> Task to complete: Show all lines below holding the string "From".

◆ ◆ ◆ ◆ ◆

(* Let $A\in\mathbb{C}^{n\times n}$, $B\in\mathbb{C}^{n\times m}$, $C\in\mathbb{C}^{p\times n}$, $D\in\mathbb{C}^{p\times m}$ and $F\in\mathbb{C}^{\nu\times\nu}$, and suppose $\mathrm{eig}(A)\cap\mathrm{eig}(F)=\emptyset$. The following statements are equivalent: (i) $\mathcal{R}_\Sigma(\lambda)$ has full row rank $n+p$ for all $\lambda\in\mathrm{eig}(F)$; (ii) for every pair $(P,Q)\in\mathbb{C}^{n\times\nu}\times\mathbb{C}^{p\times\nu}$, the system of equations $$\Pi F = A\Pi + B\Psi + P,\qquad 0 = C\Pi + D\Psi + Q$$ admits a solution $(\Pi,\Psi)\in\mathbb{C}^{n\times\nu}\times\mathbb{C}^{m\times\nu}$; (iii) for every pair $(\bar P,\bar Q)\in\mathbb{C}^{\nu\times n}\times\mathbb{C}^{\nu\times m}$ for which the system of equations $$MA = FM + GC + \bar P,\qquad 0 = -MB + GD + \bar Q$$ admits a solution $(M,G)\in\mathbb{C}^{\nu\times n}\times\mathbb{C}^{\nu\times p}$, this solution is unique; (iv) the linear map $\mathcal{C}_{\rm p}:\mathbb{C}^{m\times\nu}\to\mathbb{C}^{p\times\nu}$ is surjective; (v) the linear map $\mathcal{C}_{\rm d}:\mathbb{C}^{\nu\times p}\to\mathbb{C}^{\nu\times m}$ is injective. Moreover, for any $G\in\mathbb{C}^{\nu\times p}$: (a) if $(F,G)$ is controllable and (i) holds, then $(F,\mathcal{C}_{\rm d}(G))$ is controllable; (b) if $(F,G)$ is stabilizable and $\mathcal{R}_\Sigma(\lambda)$ has full row rank for all $\lambda\in\mathrm{eig}(F)\cap\mathbb{C}_{\geq 0}$, then $(F,\mathcal{C}_{\rm d}(G))$ is stabilizable. Furthermore, the converse of (a) holds (i.e., $(F,\mathcal{C}_{\rm d}(G))$ controllable implies $(F,G)$ controllable and (i)) provided $G^{\sf T}\ker(\lambda I_\nu - F^{\sf T})=\mathbb{C}^p$ for all $\lambda\in\mathrm{eig}(F)$; and the converse of (b) holds (i.e., $(F,\mathcal{C}_{\rm d}(G))$ stabilizable implies $(F,G)$ stabilizable and $\mathcal{R}_\Sigma(\lambda)$ has full row rank for all $\lambda\in\mathrm{eig}(F)\cap\mathbb{C}_{\ge 0}$) provided $G^{\sf T}\ker(\lambda I_\nu - F^{\sf T})=\mathbb{C}^p$ for all $\lambda\in\mathrm{eig}(F)\cap\mathbb{C}_{\geq 0}$.
   Context: Data: $A\in\mathbb{C}^{n\times n}$, $B\in\mathbb{C}^{n\times m}$, $C\in\mathbb{C}^{p\times n}$, $D\in\mathbb{C}^{p\times m}$, $F\in\mathbb{C}^{\nu\times\nu}$, with $\mathrm{eig}(A)\cap\mathrm{eig}(F)=\emptyset$. The Rosenbrock system matrix is $\mathcal{R}_\Sigma(\lambda)=\begin{bmatrix}A-\lambda I_n & B\\ C & D\end{bmatrix}\in\mathbb{C}^{(n+p)\times(n+m)}$ for $\lambda\in\mathbb{C}$. The steady-state cascade (SSC) operators are defined as follows: for $H\in\mathbb{C}^{m\times\nu}$, $\mathcal{C}_{\rm p}(H)=C\Pi+DH$, where $\Pi\in\mathbb{C}^{n\times\nu}$ is the unique solution of the Sylvester equation $\Pi F - A\Pi = BH$; for $G\in\mathbb{C}^{\nu\times p}$, $\mathcal{C}_{\rm d}(G)=-MB+GD$, where $M\in\mathbb{C}^{\nu\times n}$ is the unique solution of $MA-FM=GC$. $\mathbb{C}_{\geq 0}$ is the set of complex numbers with nonnegative real part. For a matrix $G$ and subspace $\mathcal{V}$, $G^{\sf T}\mathcal{V}=\{G^{\sf T}v: v\in\mathcal{V}\}$. A pair $(F,G)$ is stabilizable if every eigenvalue $\lambda$ of $F$ with $\mathrm{Re}\,\lambda\ge 0$ is controllable, i.e., $\varphi^{\sf T}G\neq 0$ for every nonzero $\varphi$ with $\varphi^{\sf T}F=\lambda\varphi^{\sf T}$. *)

From HB Require Import structures.
From mathcomp Require Import all_boot all_order all_algebra.
From Stdlib Require Import ClassicalEpsilon.
Set Implicit Arguments. Unset Strict Implicit. Unset Printing Implicit Defensive.
Import Order.TTheory GRing.Theory Num.Theory.
Local Open Scope ring_scope.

◆ ◆ ◆ ◆ ◆

> Task answer:
From HB Require Import structures.
From mathcomp Require Import all_boot all_order all_algebra.
From Stdlib Require Import ClassicalEpsilon.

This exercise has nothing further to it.